A number of years ago the Music Critics Association met and voted San Francisco as the second most active classical music scene in the country. Ahead of Chicago, ahead of Boston, ahead of Philadelphia. It’s an amazing thing. But now, all of a sudden, it’s stopped. Today - in fact for the last ten years - there are only four full-time music critics on the whole West Coast. [Note from 2016: the current count is two.]So one morning I got up and said to my wife, “I have an idea.” And it was Classical Voice ... I particularly was thinking contemporary music, because contemporary composers always were not sufficiently reviewed, and they were neglected by the paper when the paper was reviewing at all ...

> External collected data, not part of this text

Lemma short_exact_ker (A E B : lmodType K) (j : A -> E) (p : E -> B) e :
  short_exact j p -> p e = 0 -> exists a, e = j a.
Proof. by case=> _ _ /(_ e) []. Qed.

Lemma short_exact_fiber (A E B X : lmodType K) (j : A -> E) (p : E -> B)
    (f : E -> X) e e' :
  short_exact j p -> lin p -> lin f -> (forall a, f (j a) = 0) ->
  p e = p e' -> f e = f e'.
Proof.
case=> _ _ hker hp hf fj0 he; apply/eqP; rewrite -subr_eq0 -(linB _ _ hf).
have /hker [a ->] : p (e - e') = 0 by rewrite (linB _ _ hp) he subrr.
by rewrite fj0.
Qed.

End Basics.

Lemma lift2 (X Y : Type) (A : choiceType) (B : eqType) (j : A -> B)
    (f : X -> Y -> B) :
  (forall x y, exists a, f x y = j a) ->
  exists r : X -> Y -> A, forall x y, j (r x y) = f x y.
Proof.
move=> hf; have hex x y : exists a, j a == f x y.
  by have [a ->] := hf x y; exists a.
by exists (fun x y => xchoose (hex x y)) => x y; apply/eqP/(xchooseP (hex x y)).
Qed.

Section TwoExtension.
Variables (K : fieldType) (G H W V E1 E0 : lmodType K).
Variables (brg : G -> G -> G) (brh : H -> H -> H) (mu : G -> H).
Variables (L : H -> G -> G) (phi : W -> V).
Variables (bre1 : E1 -> E1 -> E1) (bre0 : E0 -> E0 -> E0) (eps : E1 -> E0).
Variable Le : E0 -> E1 -> E1.
Variables (j1 : W -> E1) (j0 : V -> E0) (pi1 : E1 -> G) (pi0 : E0 -> H).

Hypothesis gh_cm : is_crossed_module brg brh mu L.
Hypothesis e_cm : is_crossed_module bre1 bre0 eps Le.
Hypothesis j_mor :
  cm_morphism (@abr K W) (@abr K V) phi (@zact K V W) bre1 bre0 eps Le j1 j0.
Hypothesis pi_mor : cm_morphism bre1 bre0 eps Le brg brh mu L pi1 pi0.
Hypothesis j1_pi1 : short_exact j1 pi1.
Hypothesis j0_pi0 : short_exact j0 pi0.

Let brh_lie : is_lie brh. Proof. by case: gh_cm. Qed.
Let L_lin2 : lin2 L. Proof. by case: gh_cm => _ _ _ [[]]. Qed.

Let bre1_lie : is_lie bre1. Proof. by case: e_cm. Qed.
Let bre0_lie : is_lie bre0. Proof. by case: e_cm. Qed.
Let eps_lin : lin eps. Proof. by case: e_cm => _ _ []. Qed.
Let Le_lin2 : lin2 Le. Proof. by case: e_cm => _ _ _ [[]]. Qed.
Let Le_der a e e' : Le a (bre1 e e') = bre1 (Le a e) e' + bre1 e (Le a e').
Proof. by case: e_cm => _ _ _ [[_ []]]. Qed.
Let Le_hom a b e : Le (bre0 a b) e = Le a (Le b e) - Le b (Le a e).
Proof. by case: e_cm => _ _ _ [[_ []]]. Qed.
Let eps_Le a e : eps (Le a e) = bre0 a (eps e).
Proof. by case: e_cm => _ _ _ []. Qed.
Let Le_eps e e' : Le (eps e) e' = bre1 e e'.
Proof. by case: e_cm => _ _ _ []. Qed.

Let j1_lin : lin j1. Proof. by case: j_mor => [[]]. Qed.
Let j0_lin : lin j0. Proof. by case: j_mor => _ []. Qed.
Let j1_inj : injective j1. Proof. by case: j1_pi1. Qed.
Let j0_inj : injective j0. Proof. by case: j0_pi0. Qed.

Let pi1_lin : lin pi1. Proof. by case: pi_mor => [[]]. Qed.
Let pi0_lin : lin pi0. Proof. by case: pi_mor => _ []. Qed.
Let pi1_hom e e' : pi1 (bre1 e e') = brg (pi1 e) (pi1 e').
Proof. by case: pi_mor => [[]]. Qed.
Let pi0_hom a b : pi0 (bre0 a b) = brh (pi0 a) (pi0 b).
Proof. by case: pi_mor => _ []. Qed.
Let mu_pi1 e : mu (pi1 e) = pi0 (eps e). Proof. by case: pi_mor. Qed.
Let pi1_Le a e : pi1 (Le a e) = L (pi0 a) (pi1 e). Proof. by case: pi_mor. Qed.

Lemma bre0_j0 v v' : bre0 (j0 v) (j0 v') = 0.
Proof. by case: j_mor => _ [_ <-] _ _; rewrite /abr lin0. Qed.

Lemma Le_j0_j1 v w : Le (j0 v) (j1 w) = 0.
Proof. by case: j_mor => _ _ _ <-; rewrite /zact lin0. Qed.

Lemma eps_j1 w : eps (j1 w) = j0 (phi w).
Proof. by case: j_mor. Qed.

Lemma bre0_j0_pi0 a b v : pi0 a = pi0 b -> bre0 a (j0 v) = bre0 b (j0 v).
Proof.
apply: (short_exact_fiber (f := bre0^~ (j0 v)) j0_pi0) => // [|v'].
  exact: lin2l bre0_lie.1.
exact: bre0_j0.
Qed.

Lemma Le_j1_pi0 a b w : pi0 a = pi0 b -> Le a (j1 w) = Le b (j1 w).
Proof.
apply: (short_exact_fiber (f := Le^~ (j1 w)) j0_pi0) => // [|v].
  exact: lin2l Le_lin2.
exact: Le_j0_j1.
Qed.

Lemma Le_j0_pi1 e e' v : pi1 e = pi1 e' -> Le (j0 v) e = Le (j0 v) e'.
Proof.
apply: (short_exact_fiber (f := Le (j0 v)) j1_pi1) => // [|w].
  exact: Le_lin2.1.
exact: Le_j0_j1.
Qed.

Lemma bre0_j0_in_V a v : exists v', bre0 a (j0 v) = j0 v'.
Proof.
apply: (short_exact_ker j0_pi0).
by rewrite pi0_hom (short_exact_comp _ j0_pi0) (lin0 (brh_lie.1.1 _)).
Qed.

Lemma Le_j1_in_W a w : exists w', Le a (j1 w) = j1 w'.
Proof.
apply: (short_exact_ker j1_pi1).
by rewrite pi1_Le (short_exact_comp _ j1_pi1) (lin0 (L_lin2.1 _)).
Qed.

Lemma Le_j0_in_W v e : exists w, - Le (j0 v) e = j1 w.
Proof.
apply: (short_exact_ker j1_pi1).
rewrite (linN _ pi1_lin) pi1_Le (short_exact_comp _ j0_pi0).
by rewrite (lin0 (lin2l _ L_lin2)) oppr0.
Qed.

Variables (s0 : H -> E0) (s1 : G -> E1).
Hypotheses (s0_lin : lin s0) (s1_lin : lin s1).
Hypotheses (s0K : cancel s0 pi0) (s1K : cancel s1 pi1).

Lemma pi0_s0_bracket y1 y2 : pi0 (s0 (brh y1 y2)) = pi0 (bre0 (s0 y1) (s0 y2)).
Proof. by rewrite pi0_hom !s0K. Qed.

Lemma pi0_s0_mu x : pi0 (s0 (mu x)) = pi0 (eps (s1 x)).
Proof. by rewrite -mu_pi1 !s1K s0K. Qed.

Lemma pi1_s1_bracket x1 x2 : pi1 (s1 (brg x1 x2)) = pi1 (bre1 (s1 x1) (s1 x2)).
Proof. by rewrite pi1_hom !s1K. Qed.

Lemma pi1_s1_act y x : pi1 (s1 (L y x)) = pi1 (Le (s0 y) (s1 x)).
Proof. by rewrite pi1_Le s0K !s1K. Qed.

Variables (rho01 : H -> W -> W) (rho00 : H -> V -> V) (rho1 : G -> V -> W).
Hypothesis j0_rho00 : forall y v, j0 (rho00 y v) = bre0 (s0 y) (j0 v).
Hypothesis j1_rho01 : forall y w, j1 (rho01 y w) = Le (s0 y) (j1 w).
Hypothesis j1_rho1 : forall x v, j1 (rho1 x v) = - Le (j0 v) (s1 x).

Lemma rho01_lin2 : lin2 rho01.
Proof.
split=> [y a w w' | a y y' w]; apply: j1_inj; rewrite j1_lin !j1_rho01.
  by rewrite j1_lin Le_lin2.1.
by rewrite s0_lin Le_lin2.2.
Qed.

Lemma rho01_hom y1 y2 w :
  rho01 (brh y1 y2) w = rho01 y1 (rho01 y2 w) - rho01 y2 (rho01 y1 w).
Proof.
apply: j1_inj; rewrite (linB _ _ j1_lin) !j1_rho01.
by rewrite (Le_j1_pi0 _ (pi0_s0_bracket y1 y2)) Le_hom.
Qed.

Lemma rho00_lin2 : lin2 rho00.
Proof.
split=> [y a v v' | a y y' v]; apply: j0_inj; rewrite j0_lin !j0_rho00.
  by rewrite j0_lin bre0_lie.1.1.
by rewrite s0_lin bre0_lie.1.2.
Qed.

Lemma rho00_hom y1 y2 v :
  rho00 (brh y1 y2) v = rho00 y1 (rho00 y2 v) - rho00 y2 (rho00 y1 v).
Proof.
apply: j0_inj; rewrite (linB _ _ j0_lin) !j0_rho00.
by rewrite (bre0_j0_pi0 _ (pi0_s0_bracket y1 y2)) lie_jacobi.
Qed.

Lemma rho1_lin2 : lin2 rho1.
Proof.
split=> [x a v v' | a x x' v]; apply: j1_inj; rewrite j1_lin !j1_rho1.
  by rewrite j0_lin Le_lin2.2 opprD scalerN.
by rewrite s1_lin Le_lin2.1 opprD scalerN.
Qed.

Lemma phi_rho01 y w : phi (rho01 y w) = rho00 y (phi w).
Proof. by apply: j0_inj; rewrite j0_rho00 -!eps_j1 j1_rho01 eps_Le. Qed.

Lemma rho1_bracket x1 x2 v :
  rho1 (brg x1 x2) v = rho1 x1 (phi (rho1 x2 v)) - rho1 x2 (phi (rho1 x1 v)).
Proof.
apply: j1_inj; rewrite (linB _ _ j1_lin) !j1_rho1 -!eps_j1 !j1_rho1 !Le_eps.
rewrite (Le_j0_pi1 _ (pi1_s1_bracket x1 x2)) Le_der.
rewrite !(linN _ (lin2l _ bre1_lie.1)) /= !opprK.
by rewrite (lie_anti (Le _ _) (s1 x1)) // opprD addrC.
Qed.

Lemma rho00_mu x v : rho00 (mu x) v = phi (rho1 x v).
Proof.
apply: j0_inj; rewrite j0_rho00 -eps_j1 j1_rho1 (linN _ eps_lin) eps_Le.
by rewrite (bre0_j0_pi0 _ (pi0_s0_mu x)) lie_anti.
Qed.

Lemma rho01_mu x w : rho01 (mu x) w = rho1 x (phi w).
Proof.
apply: j1_inj; rewrite j1_rho01 j1_rho1 -eps_j1.
by rewrite (Le_j1_pi0 _ (pi0_s0_mu x)) !Le_eps lie_anti.
Qed.

Lemma rho1_act y x v :
  rho1 (L y x) v = rho01 y (rho1 x v) - rho1 x (rho00 y v).
Proof.
apply: j1_inj; rewrite (linB _ _ j1_lin) j1_rho01 !j1_rho1 j0_rho00.
rewrite (Le_j0_pi1 _ (pi1_s1_act y x)) Le_hom (linN _ (Le_lin2.1 _)).
by rewrite opprK addKr.
Qed.

Lemma two_representation_of_lifts :
  two_representation brg brh mu L phi rho01 rho00 rho1.
Proof.
exact: And5 (conj rho01_lin2 rho01_hom) (conj rho00_lin2 rho00_hom) rho1_lin2
  phi_rho01 (And4 rho1_bracket rho00_mu rho01_mu rho1_act).
Qed.

End TwoExtension.

Theorem mainTheorem5 (K : fieldType) (G H W V E1 E0 : lmodType K)
  (brg : G -> G -> G) (brh : H -> H -> H) (mu : G -> H) (L : H -> G -> G)
  (phi : W -> V)
  (bre1 : E1 -> E1 -> E1) (bre0 : E0 -> E0 -> E0) (eps : E1 -> E0)
  (Le : E0 -> E1 -> E1)
  (j1 : W -> E1) (j0 : V -> E0) (pi1 : E1 -> G) (pi0 : E0 -> H)
  (sigma0 : H -> E0) (sigma1 : G -> E1) :
  is_crossed_module brg brh mu L ->
  two_extension brg brh mu L phi bre1 bre0 eps Le j1 j0 pi1 pi0 ->
  lin sigma0 -> lin sigma1 ->
  (forall y, pi0 (sigma0 y) = y) -> (forall x, pi1 (sigma1 x) = x) ->
  exists (rho01 : H -> W -> W) (rho00 : H -> V -> V) (rho1 : G -> V -> W),
    [/\ (forall y v, j0 (rho00 y v) = bre0 (sigma0 y) (j0 v)),
        (forall y w, j1 (rho01 y w) = Le (sigma0 y) (j1 w)),
        (forall x v, j1 (rho1 x v) = - Le (j0 v) (sigma1 x)) &
        two_representation brg brh mu L phi rho01 rho00 rho1].
Proof.
move=> gh_cm [_ e_cm [j_mor pi_mor j1_pi1 j0_pi0]] s0_lin s1_lin s0K s1K.
have [rho00 j0_rho00] := lift2 (fun y v =>
  bre0_j0_in_V gh_cm pi_mor j0_pi0 (sigma0 y) v).
have [rho01 j1_rho01] := lift2 (fun y w =>
  Le_j1_in_W gh_cm pi_mor j1_pi1 (sigma0 y) w).
have [rho1 j1_rho1] := lift2 (fun x v =>
  Le_j0_in_W gh_cm pi_mor j1_pi1 j0_pi0 v (sigma1 x)).
exists rho01, rho00, rho1; split=> //.
exact: (two_representation_of_lifts e_cm j_mor pi_mor j1_pi1 j0_pi0
  s0_lin s1_lin s0K s1K j0_rho00 j1_rho01 j1_rho1).
Qed.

[On Mary Commanday’s suggestion, he approached Gordon Getty with the idea] and I wrote a one-page proposal based on what I had learned: when you want to give a proposal to somebody, put it on one page — not more than one page. I handed it to him and three days later his secretary called me and said he would finance it, and told me how much he would give — and it was just the amount I needed to start. He’s been the angel of it ever since.
A transcript of the recording is also available on the Conservatory site.
Opera Parallèle’s Upcoming Season and Their Search for a New Executive
Opera Parallèle, San Francisco’s amazing, maverick company (with l’accent grave in the name that’s the bane of writers and editors outside France), has announced yet another daring season, even while it is searching for a new executive director. Fear not, Artistic Director Nicole Paiement and Creative Director Brian Staufenbiel, are still very much at work, but flutist/champion of new music Tod Brody has moved on to the Marin Symphony after three years of serving as OP’s first executive.
Carrie Blanding, a well-known management consultant, self-described as “specializing in interim executive director roles,” is filling that important position now at OP. (My own candidate, Mr. Executive Director in the world of music for the past half century, Peter Pastreich, just surprised everybody, probably including himself, by switching genres, and joining the American Conservatory Theater as its interim executive director.)
What’s up for Opera Parallèle for the next season, how will it follow up a distinguished record of local and global premieres?
No surprise: 2016–2017 will bring new and unusual works, such as new productions of Philip Glass’ Les Enfants Terribles and Jonathan Dove’s Flight, the world premiere of a new children’s opera, Xochitl and the Flowers, by Christopher Pratorius, and the annual “Up Close and Parallèle” gala.
The season runs from Oct. 8 through May 28, 2017, with performances at YBCA Theater and the S.F. Conservatory of Music. Paiement and Staufenbiel will manage the season, even with Paiement’s many engagements as principal guest conductor of the Dallas Opera and conducting elsewhere. She said of the San Francisco season:
It takes off with a world premiere and all new productions that typify our philosophy of giving wings to significant contemporary opera in intimate venues. We present a story taken from the headlines that underscores the tragic and sometimes absurd plight of refugees, a new children’s opera about the bittersweet leave-taking and home-coming experiences of immigrants in San Francisco’s Mission district, and celebrate the 80th birthday of Philip Glass with his hybrid opera-dance spectacle.
Each work explores the human need for belonging, and the search for meaning of home. We invite you to come explore the emotional depths, creative triumphs, and powerful theater of our season.
The season-opener is the annual gala, “Come Fly with Us,” on Oct. 8, in the San Francisco Marines Memorial Club. It is an evening of performances, cocktails, dinner, and a live auction to benefit Opera Parallèle. Former Adler Fellows Nikki Einfeld, Renee Rapier, and Eugene Brancoveanu will perform a “jukebox opera” exploring the “adventure and romance of travel.”